30 years since Ethnic Cleansing by LTTE Tamil Terrorists

(with the courtesy of The Hindu)

Thirty years may have passed since the LTTE Tamil terrorists evicted northern Muslims including Sinhalese overnight, but the ordeals of the Muslim community who effected most in the hand on Tamil terrorist’s ethnic cleansing campaign in year 1990, most of whom moved to Puttalam district in the North-Western Province, have not ceased, according to one Muslim activist.

Muslim Sri Lankan activist, whose family was displaced from Mannar in the Northern Province to Puttalam — three hours north of Colombo — has spent the last three decades working with the internally displaced community.

When planned moves to new cities or towns can be a logistical nightmare, being forced to leave abruptly — leaving behind one’s home, belongings, assets and means of livelihood — couldn’t have been simple. For two weeks beginning mid-October in 1990, the LTTE Tamil terrorists undertook a mass expulsion of resident Muslims in the north, at gun point, amid growing hostilities between the two Tamil-speaking minority communities in the north and east. Like her family; her parents, grandmother and eight siblings — most left with just the little money they had in hand.

“Till date, there has been no collective acknowledgement of this act of ethnic cleansing by Tamil politicians in the TNA who represent and worked with Tamil terrorists. Neither the Tamil political leadership nor Muslim leaders have addressed this issue properly.,” says Ms. Mohideen, 52, executive director of the Muslim Women’s Development Trust (MWDT), which she founded in 2010.

Bureaucratic hurdles

Some 70,000 people had no choice but to build their lives from scratch in Puttalam or elsewhere. “When some original residents of Puttalam, including Muslims, refer to us, they call us refugees,” Ms. Mohideen notes. “They fear we are after all their natural resources.”

From education and employment to housing and toilets, everything has proved a struggle for the northern Muslims trying to make Puttalama their home. A majority work for a daily wage in small vegetable farms or at the salterns in the coastal district. While a few hundred families have returned to Jaffna with great difficulty, others have chosen to remain in Puttalama which has imbalanced ethnicity in Puttalama now, where these Muslim families have grown. “But getting an official document or attestation is a big challenge. The officers at the local authorities invariably direct these families to Jaffna or Mannar, where we are from and it is considered as the correct step to follow. And when they go there, they are told their records don’t’ exist,” says Ms. Mohideen, of the many bureaucratic challenges faced by a community seen to be “neither here nor there”.
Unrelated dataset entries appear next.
Lemma OK_basis : exists (p0 q0 : rat) (u v : int),
  [/\ q0 != 0, Kq p0 q0 ^+ 2 = u%:~R + v%:~R * Kq p0 q0 &
      forall y, OK omega y <-> exists a b : int, y = a%:~R + b%:~R * Kq p0 q0].
Proof.
have [q0 q0_neq0 coordP] := OK_omega_coord.
have [p0 OKtheta] : exists p0, OK omega (Kq p0 q0) by apply/coordP; exists 1; rewrite mul1r.
have /intrP[v Ev] := OK_trace OKtheta.
have /intrP[n En] := OK_norm OKtheta.
exists p0, q0, (- n), v; split=> //.
  by rewrite Kq_sqr Ev En mulrNz !ratr_int addrC.
move=> y; split=> [OKy | [a [b ->]]]; last first.
  exact: OK_add (OK_intr a) (OK_mul (OK_intr b) OKtheta).
have [[p [q Ey]] _] := OKy.
have /coordP[b q_b] : exists p, OK omega (Kq p q) by exists p; rewrite /Kq -Ey.
have /OK_ratr/intrP[a Ea] : OK omega (ratr (p - b%:~R * p0)).
  have -> : ratr (p - b%:~R * p0) = y - b%:~R * Kq p0 q0 by rewrite Ey q_b /Kq; ring.
  exact: OK_sub OKy (OK_mul (OK_intr b) OKtheta).
by exists a, b; rewrite Ey q_b -[p](subrK (b%:~R * p0)) Ea /Kq; ring.
Qed.

Lemma multiplier_Kfield (L : C -> Prop) p q al :
  lattice_in_C L -> q != 0 -> multiplier L (Kq p q) -> multiplier L al ->
  Kfield omega al.
Proof.
move=> latL q_neq0 Mbeta Mal.
have [e1 [e2 [e1_neq0 spanL]]] := lattice_basis latL.
have Le1 : L e1 by apply/spanL; exists 1, 0; rewrite mul1r mul0r addr0.
have /spanL[y11 [y12 Ebeta]] := Mbeta _ Le1.
have /spanL[x11 [x12 Eal]] := Mal _ Le1.
have y12_neq0 : (y12%:~R : C) != 0.
  rewrite intr_eq0; apply: contraNneq q_neq0 => y12_0.
  have /eqP : (Kq p q - y11%:~R) * e1 = 0 by rewrite mulrBl Ebeta y12_0 mul0r addr0 subrr.
  rewrite mulf_eq0 (negbTE e1_neq0) orbF => /eqP beta_y11.
  have [_ ->] : p - y11%:~R = 0 /\ q = 0.
    by apply: Kq_eq0; rewrite -beta_y11 /Kq; ring.
  by [].
have e2E : e2 = (Kq p q - y11%:~R) * e1 / y12%:~R.
  by rewrite mulrBl Ebeta addrC addKr mulrC mulKf.
exists (x11%:~R + x12%:~R * (p - y11%:~R) / y12%:~R), (x12%:~R * q / y12%:~R).
apply: (mulIf e1_neq0); rewrite Eal e2E /Kq.
by field; rewrite intr_eq0 -(intr_eq0 C).
Qed.

End QuadraticField.

Section Orders.
Variables (C : numClosedFieldType) (omega : C) (p0 q0 : rat) (u v : int).
Hypothesis omega_nreal : omega \notin Num.real.
Hypothesis q0_neq0 : q0 != 0.
Hypothesis theta2 : Kq omega p0 q0 ^+ 2 = u%:~R + v%:~R * Kq omega p0 q0.
Hypothesis OK_span :
  forall y, OK omega y <-> exists a b : int, y = a%:~R + b%:~R * Kq omega p0 q0.
Local Notation theta := (Kq omega p0 q0).

Lemma order_ofP k y :
  order_of omega k y <-> exists c d : int, y = c%:~R + k%:R * d%:~R * theta.
Proof.
split=> [[n [y' [/OK_span[a [b ->]] ->]]] | [c [d ->]]].
  by exists (n + k%:Z * a), b; ring.
exists c, (d%:~R * theta); split; last by ring.
by apply/OK_span; exists 0, d; rewrite add0r.
Qed.

Lemma order_of_dvdn m k y :
  (m %| k)%N -> order_of omega k y -> order_of omega m y.
Proof.
move=> /dvdnP[e ->] /order_ofP[c [d ->]]; apply/order_ofP.
by exists c, (e%:Z * d); ring.
Qed.

Lemma multiplier_order k al : order_of omega k al -> multiplier (order_of omega k) al.
Proof.
move=> /order_ofP[c [d ->]] t /order_ofP[c' [d' ->]]; apply/order_ofP.
exists (c * c' + k%:Z ^+ 2 * d * d' * u), (c * d' + d * c' + k%:Z * d * d' * v).
have -> : (c%:~R + k%:R * d%:~R * theta) * (c'%:~R + k%:R * d'%:~R * theta) =
    c%:~R * c'%:~R + k%:R * (c%:~R * d'%:~R + d%:~R * c'%:~R) * theta
    + k%:R ^+ 2 * d%:~R * d'%:~R * theta ^+ 2 by ring.
by rewrite theta2; ring.
Qed.
(* Let $m$ be a positive integer, $\xi\in\mathbb Z_m$, $\Gamma=\widetilde{BS}(m,\xi)$, $n\ge1$ and $t_1,\dots,t_n\in\{0,\dots,m-1\}$. For integers $c,u_1,\dots,u_n$ let $$w(c,u_1,\dots,u_n)=a^{n+1}\,(ce_0)\,a^{-1}\,(-u_1e_0)\,a^{-1}\,(-u_2e_0)\,a^{-1}\cdots(-u_ne_0)\,a^{-1}\in\Gamma,$$ where $(ke_0)$ denotes the $k$-th power of $e_0$. The following are equivalent: (i) $w(m,t_1,\dots,t_n)\in E$; (ii) $w(m,t_1,\dots,t_n)\,e_0\,w(-m,-t_1,\dots,-t_n)\,e_0^{-1}=1$ in $\Gamma$; (iii) $t_i=r_i(\xi)$ for every $1\le i\le n$.
   Context: $\mathbb Z_m$ is the ring of $m$-adic integers. The functions $r_i$: $r_0(\xi)=0$, $s_0(\xi)=1$, and for $i\ge1$, $r_i(\xi)\in\{0,\dots,m-1\}$, $s_i(\xi)\in\mathbb Z_m$ unique with $\xi s_{i-1}(\xi)=ms_i(\xi)+r_i(\xi)$. Let $E$ be the free abelian group with basis $e_0,e_1,\dots$ (written additively), $E_{m,\xi}\le E$ with basis $me_0,\ e_i-r_i(\xi)e_0$ ($i\ge1$), $E_1\le E$ with basis $e_1,e_2,\dots$, and $\phi:E_{m,\xi}\to E_1$ the isomorphism $\phi(me_0)=e_1$, $\phi(e_i-r_i(\xi)e_0)=e_{i+1}$. $\widetilde{BS}(m,\xi)=\langle E,a\mid axa^{-1}=\phi(x)\ \forall x\in E_{m,\xi}\rangle$ (HNN extension), with $E$ viewed as a subgroup. *)

From HB Require Import structures.
From mathcomp Require Import all_boot all_order all_algebra.
Set Implicit Arguments. Unset Strict Implicit. Unset Printing Implicit Defensive.
Import Order.TTheory GRing.Theory Num.Theory.

(* m-adic integers Z_m = lim_k Z/m^k, represented by compatible        *)
(* sequences of residues x k in {0,..,m^k - 1} with x (k+1) = x k mod m^k. *)
Definition is_padic (m : nat) (x : nat -> nat) : Prop :=
  forall k, x k < m ^ k /\ x k.+1 %% m ^ k = x k.

Definition padic_one (m : nat) : nat -> nat := fun k => 1 %% m ^ k.
Definition padic_mul (m : nat) (x y : nat -> nat) : nat -> nat :=
  fun k => (x k * y k) %% m ^ k.

(* s_0 = 1; s_i = (xi * s_{i-1} - r_i) / m, with r_i = (xi * s_{i-1}) mod m.
   (y - r)/m has k-th residue (y_{k+1} - r) %/ m.  These are exactly the
   unique r_i in {0..m-1}, s_i in Z_m with xi s_{i-1} = m s_i + r_i. *)
Fixpoint padic_s (m : nat) (xi : nat -> nat) (i : nat) : nat -> nat :=
  match i with
  | 0 => padic_one m
  | j.+1 => fun k => (padic_mul m xi (padic_s m xi j) k.+1
                      - padic_mul m xi (padic_s m xi j) 1) %/ m
  end.

Definition padic_r (m : nat) (xi : nat -> nat) (i : nat) : nat :=
  match i with
  | 0 => 0
  | j.+1 => padic_mul m xi (padic_s m xi j) 1
  end.

(* The group BS~(m,xi), given by the presentation of the HNN extension:
   generators a, e_0, e_1, ...; relators [e_i,e_j],
   a e_0^m a^-1 e_1^-1, and a e_i e_0^(-r_i) a^-1 e_(i+1)^-1 (i >= 1).  *)
Inductive gen := GA | GE of nat.
Definition letter := (gen * bool)%type.   (* (g, true) = g^-1 *)
Definition word := seq letter.
Definition linv (l : letter) : letter := (l.1, ~~ l.2).

Definition gpow (g : gen) (k : int) : word :=
  match k with
  | Posz n => nseq n (g, false)
  | Negz n => nseq n.+1 (g, true)
  end.

Inductive relator (m : nat) (xi : nat -> nat) : word -> Prop :=
| rel_comm i j :
    relator m xi [:: (GE i, false); (GE j, false); (GE i, true); (GE j, true)]
| rel_zero :
    relator m xi ((GA, false) :: gpow (GE 0) (Posz m) ++ [:: (GA, true); (GE 1, true)])
| rel_succ i : 0 < i ->
    relator m xi ((GA, false) :: (GE i, false)
                   :: gpow (GE 0) (- (Posz (padic_r m xi i)))%R
                   ++ [:: (GA, true); (GE i.+1, true)]).

Inductive grp_eq (m : nat) (xi : nat -> nat) : word -> word -> Prop :=
| geq_refl w : grp_eq m xi w w
| geq_sym w1 w2 : grp_eq m xi w1 w2 -> grp_eq m xi w2 w1
| geq_trans w1 w2 w3 : grp_eq m xi w1 w2 -> grp_eq m xi w2 w3 -> grp_eq m xi w1 w3
| geq_cancel u v l : grp_eq m xi (u ++ l :: linv l :: v) (u ++ v)
| geq_rel u v r : relator m xi r -> grp_eq m xi (u ++ r ++ v) (u ++ v).

Definition is_E_letter (l : letter) : bool :=
  if l.1 is GE _ then true else false.

Definition in_E (m : nat) (xi : nat -> nat) (w : word) : Prop :=
  exists v : word, all is_E_letter v /\ grp_eq m xi w v.

Definition wword (n : nat) (c : int) (u : nat -> int) : word :=
  nseq n.+1 (GA, false) ++ gpow (GE 0) c ++ (GA, true)
    :: flatten [seq gpow (GE 0) (- u i)%R ++ [:: (GA, true)] | i <- iota 1 n].

Arguments relator : clear implicits.
Arguments grp_eq : clear implicits.

From mathcomp Require Import all_boot all_order all_algebra.

Set Implicit Arguments. Unset Strict Implicit. Unset Printing Implicit Defensive.
Import Order.TTheory GRing.Theory Num.Theory.
(* Let $E$ be a finite set and $\mathcal{F}\subseteq 2^E$ a non-empty downward-closed set system that is not a matroid. Then there exist weights $w:E\to\mathbb{R}_{\ge 0}$ such that an optimal solution to the nominal problem $\max_{S\in\mathcal{F}} w(S)$ is not an optimal first-stage solution of the robust counterpart $$\max_{S\in\mathcal{F}}\ \min_{f\in E\cup\{\emptyset\}}\ \max_{\substack{e\in (E\setminus(S\cup\{f\}))\cup\{\emptyset\}\\ (S\setminus\{f\})\cup\{e\}\in\mathcal{F}}} w\big((S\setminus\{f\})\cup\{e\}\big).$$
   Context: Downward-closed: $X\in\mathcal{F}$, $X'\subseteq X$ imply $X'\in\mathcal{F}$. A non-empty downward-closed system is a matroid iff whenever $I,J\in\mathcal{F}$ with $|I|<|J|$ there is $g\in J\setminus I$ with $I\cup\{g\}\in\mathcal{F}$. $w(S)=\sum_{x\in S}w(x)$. In the robust counterpart, $f=\emptyset$ means no deletion and $e=\emptyset$ means no addition. *)

From HB Require Import structures.
From mathcomp Require Import all_boot all_order all_algebra.
From mathcomp Require Import reals.
Set Implicit Arguments. Unset Strict Implicit. Unset Printing Implicit Defensive.
Import Order.TTheory GRing.Theory Num.Theory.
Local Open Scope ring_scope.

Section Defs.
Variable E : finType.

Definition downward_closed (F : {set {set E}}) : Prop :=
  forall X X' : {set E}, X \in F -> X' \subset X -> X' \in F.

Definition exchange_axiom (F : {set {set E}}) : Prop :=
  forall I J : {set E}, I \in F -> J \in F -> (#|I| < #|J|)%N ->
    exists2 g, g \in J :\: I & I :|: [set g] \in F.

Definition is_matroid (F : {set {set E}}) : Prop :=
  F != set0 /\ downward_closed F /\ exchange_axiom F.

Variable R : realType.

Definition wt (w : E -> R) (S : {set E}) : R := \sum_(x in S) w x.

(* f = None means no deletion, e = None means no addition *)
Definition del (S : {set E}) (f : option E) : {set E} :=
  if f is Some x then S :\ x else S.
Definition ins (S : {set E}) (e : option E) : {set E} :=
  if e is Some y then y |: S else S.

(* e ranges over (E \ (S u {f})) u {emptyset} *)
Definition admissible_add (S : {set E}) (f e : option E) : bool :=
  if e is Some y then (y \notin S) && (Some y != f) else true.

(* The default value of the big max is the
   value of the candidate e = None, which is always admissible when S \in F
   and F is downward closed, so this is the genuine maximum. *)
Definition recovery_value (w : E -> R) (F : {set {set E}}) (S : {set E})
    (f : option E) : R :=
  \big[Num.max/wt w (del S f)]_(e : option E |
        admissible_add S f e && (ins (del S f) e \in F))
      wt w (ins (del S f) e).

(* outer minimum over f in E u {emptyset}; the default value is the value for
   f = None, itself one of the candidates, so this is the genuine minimum. *)
Definition robust_value (w : E -> R) (F : {set {set E}}) (S : {set E}) : R :=
  \big[Num.min/recovery_value w F S None]_(f : option E)
      recovery_value w F S f.

Definition nominal_optimal (w : E -> R) (F : {set {set E}}) (S : {set E}) :=
  S \in F /\ forall S', S' \in F -> wt w S' <= wt w S.

Definition robust_optimal (w : E -> R) (F : {set {set E}}) (S : {set E}) :=
  S \in F /\ forall S', S' \in F -> robust_value w F S' <= robust_value w F S.

End Defs.

From HB Require Import structures.
From mathcomp Require Import all_boot all_order all_algebra.
From mathcomp Require Import reals.
From mathcomp Require Import lra.

Set Implicit Arguments. Unset Strict Implicit. Unset Printing Implicit Defensive.
Import Order.TTheory GRing.Theory Num.Theory.
Local Open Scope ring_scope.

(** If F is not a matroid, take I, J in F with |J| = |I| + 1 such that no
    element of J \ I extends I. Decreasing |I| + |I \ J| brings this to a
    critical configuration: x in I and g, h outside I with J = I - x + g + h in F,
    neither I + g nor I + h in F, and every deletion I - c with c <> x repaired
    by g or h. Weigh I by 3, g by 2 and h by 1; then J has maximum weight in F.
    Every deletion from I is repaired by g or h, so I loses at most 2, and at
    most 1 if g repairs every deletion. In that case the adversary deletes g from
    J, otherwise an element c whose deletion from I g cannot repair. Either way
    the only weighted element that could refill J is x, which F forbids, so J
    loses 2, resp. 3. *)

Lemma exists_subset_card (T : finType) (A : {set T}) n :
  (n <= #|A|)%N -> exists2 B : {set T}, B \subset A & #|B| = n.
Proof.
move=> le_nA; exists [set y in take n (enum A)].
  by apply/subsetP => y; rewrite inE => /mem_take; rewrite mem_enum.
by rewrite cardsE (card_uniqP _) ?take_uniq ?enum_uniq // size_takel -?cardE.
Qed.

Lemma setD1_id (T : finType) (A : {set T}) a : a \notin A -> A :\ a = A.
Proof. by move=> aNA; apply/setDidPl; rewrite disjoint_sym disjoints1. Qed.

Section Weight.
Variables (R : realType) (E : finType) (w : E -> R).

Lemma wt_setU1 (X : {set E}) y : y \notin X -> wt w (y |: X) = w y + wt w X.
Proof. exact: big_setU1. Qed.

Lemma wt_setD1 (X : {set E}) y : y \in X -> wt w (X :\ y) = wt w X - w y.
Proof. by move=> yX; rewrite /wt (big_setD1 y yX) addrC addKr. Qed.

Lemma wt_le (X Y : {set E}) : (forall y, 0 <= w y) ->
  (forall y, y \in X -> y \notin Y -> w y = 0) -> wt w X <= wt w Y.
Proof.
move=> w_ge0 w0; rewrite /wt (big_setID Y) /= [X in _ + X]big1 ?addr0; last first.
  by move=> y; rewrite inE => /andP[/w0].
rewrite big_mkcond [X in _ <= X]big_mkcond /= ler_sum // => y _.
by rewrite !inE; case: (y \in Y); case: (y \in X).
Qed.
End Weight.

Section Robust.
Variables (R : realType) (E : finType) (F : {set {set E}}) (w : E -> R).

Lemma le_robust_value (S : {set E}) (L : R) : L <= wt w S ->
  (forall y, y \in S -> exists e,
     [/\ e \notin S, e |: (S :\ y) \in F & L <= wt w (e |: (S :\ y))]) ->
  L <= robust_value w F S.
Proof.
move=> le_LS repair.
suff le_L_rec f : L <= recovery_value w F S f by apply: le_bigmin.
case: f => [y|]; last exact: le_trans le_LS (bigmax_ge_id _ _ _ _).
have [yS|yNS] := boolP (y \in S); last first.
  by apply: le_trans (bigmax_ge_id _ _ _ _); rewrite /= setD1_id.
have [e [eNS eF le_Le]] := repair y yS.
apply: (bigmax_sup (Some e)) le_Le => /=.
by rewrite eNS eF andbT; apply: contraNneq eNS => -[->].
Qed.

Lemma robust_value_le (S : {set E}) z (L : R) : z \in S -> wt w (S :\ z) <= L ->
  (forall y, y \notin S -> y |: (S :\ z) \in F -> wt w (y |: (S :\ z)) <= L) ->
  robust_value w F S <= L.
Proof.
move=> zS le_SL le_addL; apply: le_trans (bigmin_le _ (Some z) _) _.
by apply: bigmax_le => // -[y /andP[/andP[yNS _]]|] //=; apply: le_addL.
Qed.
End Robust.

Section Descent.
Variables (E : finType) (F : {set {set E}}).
Hypothesis F_down : downward_closed F.

Definition violating (I J : {set E}) : Prop :=
  [/\ I \in F, J \in F, #|J| = #|I|.+1 &
      forall y, y \in J :\: I -> y |: I \notin F].

Record critical (I : {set E}) (x g h : E) : Prop := Critical {
  critical_I : I \in F;
  critical_x : x \in I;
  critical_g : g \notin I;
  critical_h : h \notin I;
  critical_gh : g != h;
  critical_J : g |: (h |: (I :\ x)) \in F;
  critical_gI : g |: I \notin F;
  critical_hI : h |: I \notin F;
  critical_exchange : forall c, c \in I -> c != x ->
    (g |: (I :\ c) \in F) || (h |: (I :\ c) \in F) }.

Definition smaller_violating (I J : {set E}) : Prop :=
  exists I' J', violating I' J' /\ (#|I'| + #|I' :\: J'| < #|I| + #|I :\: J|)%N.

Lemma violating_setD_neq0 I J : violating I J -> I :\: J != set0.
Proof.
case=> _ JF cardJ Jaug; rewrite setD_eq0; apply/negP => IJ.
have /properP[_ [y yJ yNI]] : I \proper J by rewrite properEcard IJ cardJ ltnSn.
have /negP[] : y |: I \notin F by apply: Jaug; rewrite inE yNI yJ.
by apply: F_down JF _; rewrite subUset sub1set yJ IJ.
Qed.

Lemma violating_drop I J x : violating I J -> x \in I :\: J ->
  (forall g, g \in J :\: I -> g |: (I :\ x) \notin F) -> smaller_violating I J.
Proof.
case=> IF JF cardJ Jaug xIJ noaug; have /setDP[xI xNJ] := xIJ.
have /set0Pn[b bJI] : J :\: I != set0.
  by rewrite setD_eq0; apply/negP => /subset_leq_card; rewrite cardJ ltnn.
have /setDP[bJ bNI] := bJI.
have sub_IJ : (I :\ x) :\: (J :\ b) \subset I :\: J.
  apply/subsetP => z; rewrite !inE negb_and negbK => /and3P[/orP[/eqP->|->] _ zI] //.
  by rewrite zI in bNI.
exists (I :\ x), (J :\ b); split; first split.
- exact: F_down IF (subD1set _ _).
- exact: F_down JF (subD1set _ _).
- by have := cardsD1 b J; rewrite bJ cardJ (cardsD1 x I) xI !add1n => -[->].
- move=> y; rewrite !inE negb_and negbK => /and3P[/orP[/eqP yx|yI] _ yJ].
    by rewrite -yx yJ in xNJ.
  by apply: noaug; rewrite inE yI yJ.
- rewrite (cardsD1 x I) xI add1n addSn ltnS leq_add2l.
  exact: subset_leq_card sub_IJ.
Qed.

Lemma violating_swap I J x g : violating I J -> x \in I :\: J ->
  g \in J :\: I -> g |: (I :\ x) \in F ->
  (forall h, h \in J :\: I -> h != g -> h |: (g |: (I :\ x)) \notin F) ->
  smaller_violating I J.
Proof.
case=> IF JF cardJ Jaug xIJ /setDP[gJ gNI] gF noaug; have /setDP[xI xNJ] := xIJ.
have gNIx : g \notin I :\ x by rewrite inE negb_and gNI orbT.
have sub_IJ : (g |: (I :\ x)) :\: J \subset (I :\: J) :\ x.
  apply/subsetP => z; rewrite !inE => /andP[zNJ /orP[/eqP zg|/andP[-> ->]]].
    by rewrite zg gJ in zNJ.
  by rewrite zNJ.
exists (g |: (I :\ x)), J; split; first split => //.
- by rewrite cardsU1 gNIx cardJ (cardsD1 x I) xI.
- move=> y; rewrite !inE negb_or negb_and negbK.
  case/andP=> /andP[yg /orP[/eqP yx|yNI] yJ]; first by rewrite -yx yJ in xNJ.
  by apply: noaug; rewrite // inE yNI yJ.
- rewrite cardsU1 gNIx (cardsD1 x I) xI ltn_add2l (cardsD1 x (I :\: J)) xIJ.
  exact: subset_leq_card sub_IJ.
Qed.

Lemma violating_critical_or_smaller I J x g h : violating I J -> x \in I :\: J ->
  g \in J :\: I -> h \in J :\: I -> g != h -> g |: (h |: (I :\ x)) \in F ->
  critical I x g h \/ smaller_violating I J.
Proof.
case=> IF JF cardJ Jaug xIJ gJI hJI gh JxF; have /setDP[xI _] := xIJ.
have /setDP[_ gNI] := gJI; have /setDP[_ hNI] := hJI.
have [/forall_inP exch | ] :=
  boolP [forall c in I, (c != x) ==> (g |: (I :\ c) \in F) || (h |: (I :\ c) \in F)].
  left; split; rewrite ?Jaug // => c cI; exact/implyP/exch.
rewrite negb_forall_in => /exists_inP[c cI]; rewrite negb_imply negb_or.
case/and3P=> cx gNF hNF; right.
set Jx := g |: (h |: (I :\ x)).
have gNIx : g \notin h |: (I :\ x) by rewrite !inE negb_or gh negb_and gNI orbT.
have hNIx : h \notin I :\ x by rewrite inE negb_and hNI orbT.
have cJx : c \in Jx by rewrite !inE cx cI !orbT.
have sub_x : (I :\ c) :\: (Jx :\ c) \subset [set x].
  apply/subsetP => z; rewrite !inE; case: (z =P x) => // _.
  by case/and3P=> zNJ zc zI; rewrite zc zI /= !orbT in zNJ.
exists (I :\ c), (Jx :\ c); split; first split.
- exact: F_down IF (subD1set _ _).
- exact: F_down JxF (subD1set _ _).
- have cardJx : #|Jx| = #|I|.+1.
    by rewrite /Jx !cardsU1 gNIx hNIx (cardsD1 x I) xI.
  have := cardsD1 c Jx; rewrite cJx cardJx add1n => -[<-].
  by rewrite (cardsD1 c I) cI.
- move=> y; rewrite !inE negb_and negbK => /andP[/orP[/eqP->|yNI]]; first by rewrite eqxx.
  by case/andP=> yc /or3P[/eqP->|/eqP->|/andP[_ yI]] //; rewrite yI in yNI.
- rewrite (cardsD1 c I) cI add1n addSn ltnS leq_add2l.
  apply: leq_trans (subset_leq_card sub_x) _.
  by rewrite cards1 card_gt0; apply/set0Pn; exists x.
Qed.

Lemma violating_descent I J : violating I J ->
  (exists x g h, critical I x g h) \/ smaller_violating I J.
Proof.
move=> vIJ; have /set0Pn[x xIJ] := violating_setD_neq0 vIJ.
have [/exists_inP[g gJI gF] | /exists_inPn noaug] :=
  boolP [exists g in J :\: I, g |: (I :\ x) \in F]; last first.
  by right; apply: violating_drop vIJ xIJ _.
have [/exists_inP[h hJI /andP[hg hF]] | /exists_inPn noaug] :=
  boolP [exists h in J :\: I, (h != g) && (h |: (g |: (I :\ x)) \in F)]; last first.
  right; apply: violating_swap vIJ xIJ gJI gF _ => h hJI hg.
  by have := noaug h hJI; rewrite negb_and hg.
have [crit|] := violating_critical_or_smaller vIJ xIJ hJI gJI hg hF; last by right.
by left; exists x, h, g.
Qed.
Lemma edge_weight_gt0 i j : M i j != 0 -> 0 < edge_weight i j.
Proof.
move=> Mij; have D_gt0 := one_sub_gabp_alpha_excl_gt0 i j.
rewrite /edge_weight norm_rprime mulr_gt0 ?normr_gt0 // subr_gt0 mulrAC ltr_pdivrMr //.
have := gabp_alpha_excl_bound i j.
have : 0 < (1 - lam) * x i by rewrite mulr_gt0 ?subr_gt0.
lra.
Qed.

Lemma edge_weight_subinvariant k l : M k l != 0 ->
  `|rprime M k l| * \sum_(i | i != l) edge_weight i k <= lam * edge_weight k l.
Proof.
move=> Mkl; have D_gt0 := one_sub_gabp_alpha_excl_gt0 k l.
have sum_w : \sum_(i | i != l) edge_weight i k =
    \sum_(i | i != l) `|M k i| * x i - x k * gabp_alpha_excl M k l.
  rewrite -sum_gabp_alpha_excl mulr_sumr -sumrB; apply: eq_bigr => i _.
  by rewrite /edge_weight gabp_alpha_eq norm_rprime [M i k]M_sym; ring.
have Mkl_eq : `|M k l| = `|rprime M k l| * (1 - gabp_alpha_excl M k l).
  by rewrite norm_rprime divfK ?gt_eqF.
have excl_ge0 : 0 <= gabp_alpha_excl M k l.
  by apply: sumr_ge0 => i _; case: (gabp_alpha_bounded i k).
have Mx_lek := Mx_le k; rewrite (bigD1 l) //= Mkl_eq in Mx_lek.
rewrite sum_w /edge_weight [in X in _ <= X]Mkl_eq.
apply: backtrack_step_ineq; rewrite ?normr_ge0 ?(ltW (x_gt0 _)) ?(ltW lam_lt1) //.
  by apply/andP; split; lra.
lra.
Qed.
In any case, the displaced Muslims have had little success in making it to any updated official record, she points out, referring to the ambiguity over the number of displaced Muslims currently living in Puttalama. Rather critical of the Muslim parties and its leaders, she says those in Parliament are “more prone to opportunistic politics” than any long-term vision for the community, based on rights and freedoms. Further, Muslim leaders, in her view, have shown little interest in appreciating Muslim women’s calls to reform personal law.

Emphasizing the “huge task of pending reconciliation,” she says strengthening relations between the country’s Tamil and Sinhalese communities, as well as Tamils and Muslims, needs a host of initiatives, including addressing the “language barrier”. “Barring a handful, most politicians from all our communities are so disconnected from their own constituencies, that they are unable to do anything meaningful.”

All the same, women’s networks built by her and fellow activists over the years across communities are intact and offer hope, she says. “For instance, conversations in these groups helped us differentiate the LTTE that evicted us from ordinary Tamil people. We realised that the Tamil people’s solidarity is crucial. We need to build and strengthen solidarity networks with such people in all communities. There is a lot of work to be done,” she says.